Tuesday, November 15, 2016

The role of the GM in resolving player conflict

On the drive to school today I had a really good conversation with my two kids about gamemastering (which is a sign I'm raising them right).  The question was, if a player is having a legitimate problem with another player at the gaming table, should the GM intervene?  My kids had two very different responses.

One said yes, because as the GM you have made a social contract with the players that they will have a good experience and be treated with respect.  If one player is giving the other a hard time, it's your job to say something to the offending player about how that isn't acceptable behavior.

The other one said no, because that's triangulation, which isn't healthy, mature social behavior.  If the offended player comes to you complaining about the behavior of another player, you should tell them to take it up with the player one-on-one.

I had my own answer, but what do you think?

Saturday, November 12, 2016

Friday Night Recap: The D&D Postlude

I felt it would be good and fair to run one more session of the Grimfest D&D campaign (aka "The Bad News Bears") in order to resolve a loose thread of a plot point: the fact that the group had never managed to find the missing fiance' of their elven druid, Calidis.  So I dusted off my GM screen and ran one more session for the Bears.

A drawing of the angel descending.  There's a lot going on in this picture.
The PC's managed to trace a clue indicating that Calidis' fiance' was being held by an efreet in his palace on the Prime Material plane.  After clashing with fire giants, fire elementals, and even young red dragons, the PC's were able to rescue him (and possible his "love the one you're with" girlfriend).
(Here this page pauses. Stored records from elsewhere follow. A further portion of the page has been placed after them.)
Definition abundant : Prop :=
  forall a : S, (exists e, idem e /\ RStar a e) /\ (exists f, idem f /\ LStar a f).
Definition adequate : Prop :=
  abundant /\ forall e f, idem e -> idem f -> e ⋅ f = f ⋅ e.
Definition left_adequate : Prop :=
  abundant /\ forall a e f, idem e -> idem f -> RStar a e -> RStar a f -> e = f.
Definition right_adequate : Prop :=
  abundant /\ forall a e f, idem e -> idem f -> LStar a e -> LStar a f -> e = f.

Definition is_plus (a p : S) : Prop := idem p /\ RStar a p.
Definition is_star (a q : S) : Prop := idem q /\ LStar a q.
End Defs.

Arguments idem {S}. Arguments RStar {S}. Arguments LStar {S}.
Arguments GreenL {S}. Arguments GreenR {S}.
Arguments is_plus {S}. Arguments is_star {S}.

(* A subsemigroup S0 of S is represented by an injective homomorphism j : S0 -> S *)
Section Sub.
Variables (S0 S : semigroup) (j : S0 -> S).

Definition hom : Prop := forall s t, j (s ⋅ t) = j s ⋅ j t.
Definition injective : Prop := forall s t, j s = j t -> s = t.

Definition star_subsemigroup : Prop :=
  forall s : S0, (exists e, idem e /\ RStar (j s) (j e))
              /\ (exists f, idem f /\ LStar (j s) (j f)).

Definition factors_through (x : S) (s : S0) (e f : S) : Prop :=
  idem e /\ idem f /\ x = e ⋅ j s ⋅ f /\
  (exists p, is_plus s p /\ GreenL e (j p)) /\
  (exists q, is_star s q /\ GreenR f (j q)).

Definition adequate_transversal : Prop :=
  hom /\ injective /\ adequate S0 /\ star_subsemigroup /\
  forall x : S, exists! s : S0, exists e f : S, factors_through x s e f.

Definition quasi_ideal : Prop :=
  forall (s t : S0) (x : S), exists u : S0, j s ⋅ x ⋅ j t = j u.

Definition factorisation (bar : S -> S0) (e f : S -> S) : Prop :=
  forall x, factors_through x (bar x) (e x) (f x).
End Sub.

Arguments hom {S0 S}. Arguments injective {S0 S}.
Arguments adequate_transversal {S0 S}. Arguments quasi_ideal {S0 S}.
Arguments factorisation {S0 S}.

Definition iso_onto (S : semigroup) (A : Type) (P : A -> Prop)
  (m : A -> A -> A) (phi : S -> A) : Prop :=
  (forall u v, phi u = phi v -> u = v) /\ (forall u, P (phi u)) /\
  (forall p, P p -> exists u, phi u = p) /\
  (forall u v, phi (u ⋅ v) = m (phi u) (phi v)).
I don't would to sound like I'm tooting my own horn, but the adventure had lots of madcap action, problem-solving, and dramatic tension.  Oh, and a cleric who had an 11% chance of having their goddess intervene rolled an 09, hence the angel reinforcement depicted above.  It reminded me of why I love running the fantasy genre (and why I should get back to it soon).

Tuesday, November 8, 2016

The 500th Post


A bit of a benchmark for the blog--500 posts about RPG's and associated topics.  It's good timing, because I'm about to retake the GM screen in my group and kick off a new campaign, namely Champions.
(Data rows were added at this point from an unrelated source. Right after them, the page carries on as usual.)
(* Let $\alpha$ be an infinite permutation. If for some positive integer $N$, $\alpha$ has an $N$-monotone subpermutation, then $\alpha$ is not equidistributed.
   Context: An infinite permutation is an equivalence class of sequences $(a[n])_{n\ge0}$ of pairwise distinct reals, where two sequences are equivalent if $a[i]<a[j]\iff b[i]<b[j]$ for all $i,j$; write $\alpha=(\alpha[n])_{n\ge0}$ with $\alpha[i]<\alpha[j]$ iff $a[i]<a[j]$ for a representative. A sequence $(a[n])$ in $[0,1]$ is equidistributed if $\lim_{n\to\infty}\frac{\#\{0\le i<n:a[i]<t\}}{n}=t$ for each $t\in[0,1]$; a permutation is equidistributed if it has an equidistributed representative in $[0,1]$. For a strictly increasing sequence of indices $(n_i)_{i\ge1}$, the subpermutation $(\alpha[n_i])$ is $N$-growing (resp. $N$-decreasing) if $n_{i+1}-n_i\le N$ and $\alpha[n_{i+1}]>\alpha[n_i]$ (resp. $<$) for all $i$; it is $N$-monotone if it is $N$-growing or $N$-decreasing. *)

From Stdlib Require Import Reals Lra Lia List.
Open Scope R_scope.

(* A sequence of pairwise distinct reals (a representative of an infinite
   permutation). *)
Definition distinct_seq (a : nat -> R) : Prop :=
  forall i j : nat, i <> j -> a i <> a j.

(* Two sequences represent the same infinite permutation. *)
Definition same_perm (a b : nat -> R) : Prop :=
  forall i j : nat, a i < a j <-> b i < b j.

Definition count_below (b : nat -> R) (t : R) (n : nat) : nat :=
  length (filter (fun i => if Rlt_dec (b i) t then true else false) (seq 0 n)).

Definition equidistributed_seq (b : nat -> R) : Prop :=
  (forall n, 0 <= b n <= 1) /\
  forall t : R, 0 <= t <= 1 ->
    Un_cv (fun n => INR (count_below b t n) / INR n) t.

Definition equidistributed_perm (a : nat -> R) : Prop :=
  exists b : nat -> R, distinct_seq b /\ same_perm a b /\ equidistributed_seq b.

Definition N_growing (a : nat -> R) (N : nat) : Prop :=
  exists n : nat -> nat, forall i : nat,
    (n i < n (S i))%nat /\ (n (S i) - n i <= N)%nat /\ a (n i) < a (n (S i)).

Definition N_decreasing (a : nat -> R) (N : nat) : Prop :=
  exists n : nat -> nat, forall i : nat,
    (n i < n (S i))%nat /\ (n (S i) - n i <= N)%nat /\ a (n (S i)) < a (n i).

Definition N_monotone (a : nat -> R) (N : nat) : Prop :=
  N_growing a N \/ N_decreasing a N.

(** An [N]-monotone subpermutation of a representative [b] in [0,1] is a
    bounded monotone sequence, so a tail of it lies in an interval [[t1, t2)]
    of length less than [1/N].  Its indices have gaps at most [N], hence the
    proportion of the first [n] indices [i] with [b i] in [[t1, t2)] is at
    least about [1/N], while equidistribution forces it to tend to
    [t2 - t1 < 1/N]. *)

From Stdlib Require Import Reals Lra Lia List.
Open Scope R_scope.

Definition count_in (b : nat -> R) (t1 t2 : R) (n : nat) : nat :=
  length (filter (fun i => if Rle_dec t1 (b i) then
                             if Rlt_dec (b i) t2 then true else false
                           else false) (seq 0 n)).

Lemma length_filter_seq_S (f : nat -> bool) (n : nat) :
  length (filter f (seq 0 (S n))) =
  (length (filter f (seq 0 n)) + if f n then 1 else 0)%nat.
Proof.
  rewrite seq_S, filter_app, length_app; simpl.
  now destruct (f n).
Qed.

Lemma count_below_split (b : nat -> R) (t1 t2 : R) (n : nat) : t1 <= t2 ->
  count_below b t2 n = (count_below b t1 n + count_in b t1 t2 n)%nat.
Proof.
  intros Ht; induction n as [|n IHn]; [reflexivity|].
  unfold count_below, count_in in *; rewrite !length_filter_seq_S, IHn.
  destruct (Rlt_dec (b n) t1), (Rlt_dec (b n) t2), (Rle_dec t1 (b n));
    simpl; lra || lia.
Qed.

Lemma count_in_S_le (b : nat -> R) (t1 t2 : R) (n : nat) :
  (count_in b t1 t2 n <= count_in b t1 t2 (S n))%nat.
Proof. unfold count_in; rewrite length_filter_seq_S; lia. Qed.

Lemma count_in_S_in (b : nat -> R) (t1 t2 : R) (n : nat) : t1 <= b n < t2 ->
  count_in b t1 t2 (S n) = S (count_in b t1 t2 n).
Proof.
  intros [H1 H2]; unfold count_in; rewrite length_filter_seq_S.
  destruct (Rle_dec t1 (b n)), (Rlt_dec (b n) t2); simpl; lra || lia.
Qed.

Lemma count_in_mono (b : nat -> R) (t1 t2 : R) (n n' : nat) : (n <= n')%nat ->
  (count_in b t1 t2 n <= count_in b t1 t2 n')%nat.
Proof.
  induction 1 as [|n' _ IH]; [lia|].
  pose proof (count_in_S_le b t1 t2 n'); lia.
Qed.

Lemma count_in_density (b : nat -> R) (t1 t2 : R) :
  equidistributed_seq b -> 0 <= t1 <= t2 -> t2 <= 1 ->
  Un_cv (fun n => INR (count_in b t1 t2 n) / INR n) (t2 - t1).
Proof.
  intros [_ Hequi] Ht1 Ht2.
  apply Un_cv_ext with
    (fun n => INR (count_below b t2 n) / INR n - INR (count_below b t1 n) / INR n).
  - intro n; rewrite (count_below_split b t1 t2 n) by lra; rewrite plus_INR.
    unfold Rdiv; ring.
  - apply CV_minus; apply Hequi; lra.
Qed.

Lemma Un_cv_const (c : R) : Un_cv (fun _ => c) c.
Proof.
  intros e He; exists 0%nat; intros n _.
  unfold R_dist; rewrite Rminus_diag, Rabs_R0; exact He.
Qed.

Section Hitting.

Variables (b : nat -> R) (t1 t2 : R) (N : nat) (m : nat -> nat).
Hypothesis m_step : forall i, (m i < m (S i) /\ m (S i) - m i <= N)%nat.
Hypothesis m_hits : forall i, t1 <= b (m i) < t2.

Lemma count_in_after_hit (j : nat) : (S j <= count_in b t1 t2 (S (m j)))%nat.
Proof.
  induction j as [|j IHj]; rewrite count_in_S_in by apply m_hits; [lia|].
  pose proof (count_in_mono b t1 t2 (S (m j)) (m (S j))).
  destruct (m_step j); lia.
Qed.

Lemma hit_index_le (j : nat) : (m j <= m 0 + j * N)%nat.
Proof. induction j as [|j IHj]; [lia|]. destruct (m_step j); simpl; lia. Qed.

Lemma le_hit_index (j : nat) : (j <= m j)%nat.
Proof. induction j as [|j IHj]; [lia|]. destruct (m_step j); lia. Qed.

Lemma count_in_lower_bound (n : nat) :
  (n <= m 0 + N * count_in b t1 t2 n)%nat.
Proof.
  enough (H : forall j n, (n <= m j)%nat -> (n <= m 0 + N * count_in b t1 t2 n)%nat)
    by exact (H n n (le_hit_index n)).
  induction j as [|j IHj]; intros k Hk; [lia|].
  destruct (Nat.le_gt_cases k (m j)) as [Hkj|Hkj]; [exact (IHj k Hkj)|].
  assert (Hcount : (S j <= count_in b t1 t2 k)%nat).
  { pose proof (count_in_mono b t1 t2 (S (m j)) k Hkj).
    pose proof (count_in_after_hit j); lia. }
  pose proof (Nat.mul_le_mono_l _ _ N Hcount).
  pose proof (hit_index_le j); destruct (m_step j); lia.
Qed.

Hypothesis N_pos : (0 < N)%nat.

Lemma hit_density_lower_bound (l : R) :
  Un_cv (fun n => INR (count_in b t1 t2 n) / INR n) l -> / INR N <= l.
Proof.
  intros Hl.
  assert (HN : 0 < INR N) by (apply lt_0_INR; exact N_pos).
  (* Compare at index [n + 1]: at [n = 0] the division [/ INR 0] is junk. *)
  apply Rle_cv_lim with (Un := fun n => (1 - INR (m 0) * RinvN n) * / INR N)
                        (Vn := fun n => INR (count_in b t1 t2 (n + 1)) / INR (n + 1)).
  - intro n; simpl; rewrite plus_INR; simpl.
    pose proof (le_INR _ _ (count_in_lower_bound (n + 1))) as Hlow.
    rewrite !plus_INR, mult_INR in Hlow; simpl in Hlow.
    assert (Hn : 0 < INR n + 1) by (pose proof (pos_INR n); lra).
    replace ((1 - INR (m 0) * / (INR n + 1)) * / INR N)
      with ((INR n + 1 - INR (m 0)) * / (INR N * (INR n + 1))) by (field; lra).
    replace (INR (count_in b t1 t2 (n + 1)) / (INR n + 1))
      with (INR N * INR (count_in b t1 t2 (n + 1)) * / (INR N * (INR n + 1)))
      by (field; lra).
    apply Rmult_le_compat_r; [left; apply Rinv_0_lt_compat; nra | lra].
  - assert (Hcv : Un_cv (fun n => (1 - INR (m 0) * RinvN n) * / INR N)
                        ((1 - INR (m 0) * 0) * / INR N)).
    { apply CV_mult; [|apply Un_cv_const].
      apply CV_minus; [apply Un_cv_const|].
      apply CV_mult; [apply Un_cv_const | exact RinvN_cv]. }
    now rewrite Rmult_0_r, Rminus_0_r, Rmult_1_l in Hcv.
  - exact (CV_shift' _ 1 l Hl).
Qed.

End Hitting.

Lemma strictly_increasing_lt (u : nat -> R) : (forall i, u i < u (S i)) ->
  forall i j, (i < j)%nat -> u i < u j.
Proof.
  intros Hu i j Hij; induction Hij as [|j _ IH]; [apply Hu|].
  specialize (Hu j); lra.
Qed.

Lemma increasing_tail_in_short_interval (u : nat -> R) (eps : R) :
  (forall i, u i < u (S i)) -> (forall i, 0 <= u i <= 1) -> 0 < eps ->
  exists K t1 t2, 0 <= t1 /\ t2 <= 1 /\ t2 - t1 < eps /\
    forall i, (K < i)%nat -> t1 < u i < t2.
Proof.
  intros Hu H01 Heps.
  assert (Hgrow : Un_growing u) by (intro i; specialize (Hu i); lra).
  assert (Hub : has_ub u) by (exists 1; intros x [i ->]; apply H01).
  destruct (growing_cv u Hgrow Hub) as [l Hl].
  assert (Hle : forall i, u i <= l) by exact (growing_ineq u l Hgrow Hl).
  assert (Hl1 : l <= 1)
    by exact (Rle_cv_lim (fun i => proj2 (H01 i)) Hl (Un_cv_const 1)).
  destruct (Hl eps Heps) as [K HK].
  specialize (HK K (le_n K)); unfold R_dist in HK; apply Rabs_def2 in HK.
  exists K, (u K), l; split; [apply H01|]; split; [exact Hl1|]; split; [lra|].
  intros [|i] Hi; [lia|]; split.
  - exact (strictly_increasing_lt u Hu K (S i) Hi).
  - specialize (Hu (S i)); specialize (Hle (S (S i))); lra.
Qed.

Lemma monotone_tail_in_short_interval (u : nat -> R) (eps : R) :
  (forall i, u i < u (S i)) \/ (forall i, u (S i) < u i) ->
  (forall i, 0 <= u i <= 1) -> 0 < eps ->
  exists K t1 t2, 0 <= t1 /\ t2 <= 1 /\ t2 - t1 < eps /\
    forall i, (K < i)%nat -> t1 < u i < t2.
Proof.
  intros [Hinc|Hdec] H01 Heps; [exact (increasing_tail_in_short_interval u eps Hinc H01 Heps)|].
  destruct (increasing_tail_in_short_interval (fun i => 1 - u i) eps)
    as (K & t1 & t2 & Ht1 & Ht2 & Hshort & Htail).
  - intro i; specialize (Hdec i); lra.
  - intro i; specialize (H01 i); lra.
  - exact Heps.
  - exists K, (1 - t2), (1 - t1); split; [lra|]; split; [lra|]; split; [lra|].
    intros i Hi; specialize (Htail i Hi); simpl in Htail; lra.
Qed.

Lemma N_monotone_subsequence (a b : nat -> R) (N : nat) :
  same_perm a b -> N_monotone a N ->
  exists m : nat -> nat, (forall i, m i < m (S i) /\ m (S i) - m i <= N)%nat /\
    ((forall i, b (m i) < b (m (S i))) \/ (forall i, b (m (S i)) < b (m i))).
Proof.
  intros Hab [[m Hm]|[m Hm]]; exists m;
    (split; [intro i; destruct (Hm i) as (? & ? & _); lia|]);
    [left|right]; intro i; apply Hab, (Hm i).
Qed.

Theorem proposition1 (a : nat -> R) (N : nat) :
  distinct_seq a -> (0 < N)%nat -> N_monotone a N -> ~ equidistributed_perm a.
Proof.
  intros _ N_pos Hmono [b [_ [Hab Hequi]]].
  pose proof Hequi as [Hb01 _].
  destruct (N_monotone_subsequence a b N Hab Hmono) as [m [Hstep Hmon]].
  assert (Heps : 0 < / INR N) by (apply Rinv_0_lt_compat, lt_0_INR; exact N_pos).
  destruct (monotone_tail_in_short_interval (fun i => b (m i)) (/ INR N) Hmon
              (fun i => Hb01 (m i)) Heps) as (K & t1 & t2 & Ht1 & Ht2 & Hshort & Htail).
  set (m' := fun i => m (S (K + i))).
  assert (Hhits : forall i, t1 <= b (m' i) < t2).
  { intro i; destruct (Htail (S (K + i))) as [H1 H2]; [lia|]; unfold m'; lra. }
  assert (Hstep' : forall i, (m' i < m' (S i) /\ m' (S i) - m' i <= N)%nat).
  { intro i; unfold m'; rewrite <- Nat.add_succ_r; apply Hstep. }
  assert (Ht12 : t1 <= t2) by (destruct (Hhits 0%nat); lra).
  pose proof (hit_density_lower_bound b t1 t2 N m' Hstep' Hhits N_pos (t2 - t1)
                (count_in_density b t1 t2 Hequi (conj Ht1 Ht12) Ht2)).
  lra.
Qed.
It's been a long time since I ran this game, and a big change for the group.  My plan is to commit to doing a six-session "mini-series" as a test run for the game.  At that point I will take stock, talk to the group, and then begin to either plot out a larger campaign or change gears and go with something else.
Before that, however, I'm doing a "victory lap" with the 5E campaign by running one more session of that game.  For awhile now it's been run by the other Rob, but when he wrapped up his adventure arc there was still a PC plot thread left dangling.  In the past I haven't sweated those too much, but this was a big deal for this young player (the first PC she's ever made) so I'm coming back to D&D for the sole purpose of making sure she sees her story to its end.
It may be the  influence of Doctor Strange, but the first three PC's for the Champions game all have mystical origins: a straight-up sorcerer, a half-demon luchadore wrestler, and a person wearing a magical garb that has various powers (similar to Ragman from the television series Arrow).  That's a big shift from the alien/pseudoscience themes dominant in earlier supers campaigns I have run, and helps me find a direction.
Thanks for hanging with me for 500 posts.  I hope I make your reading experience worthwhile.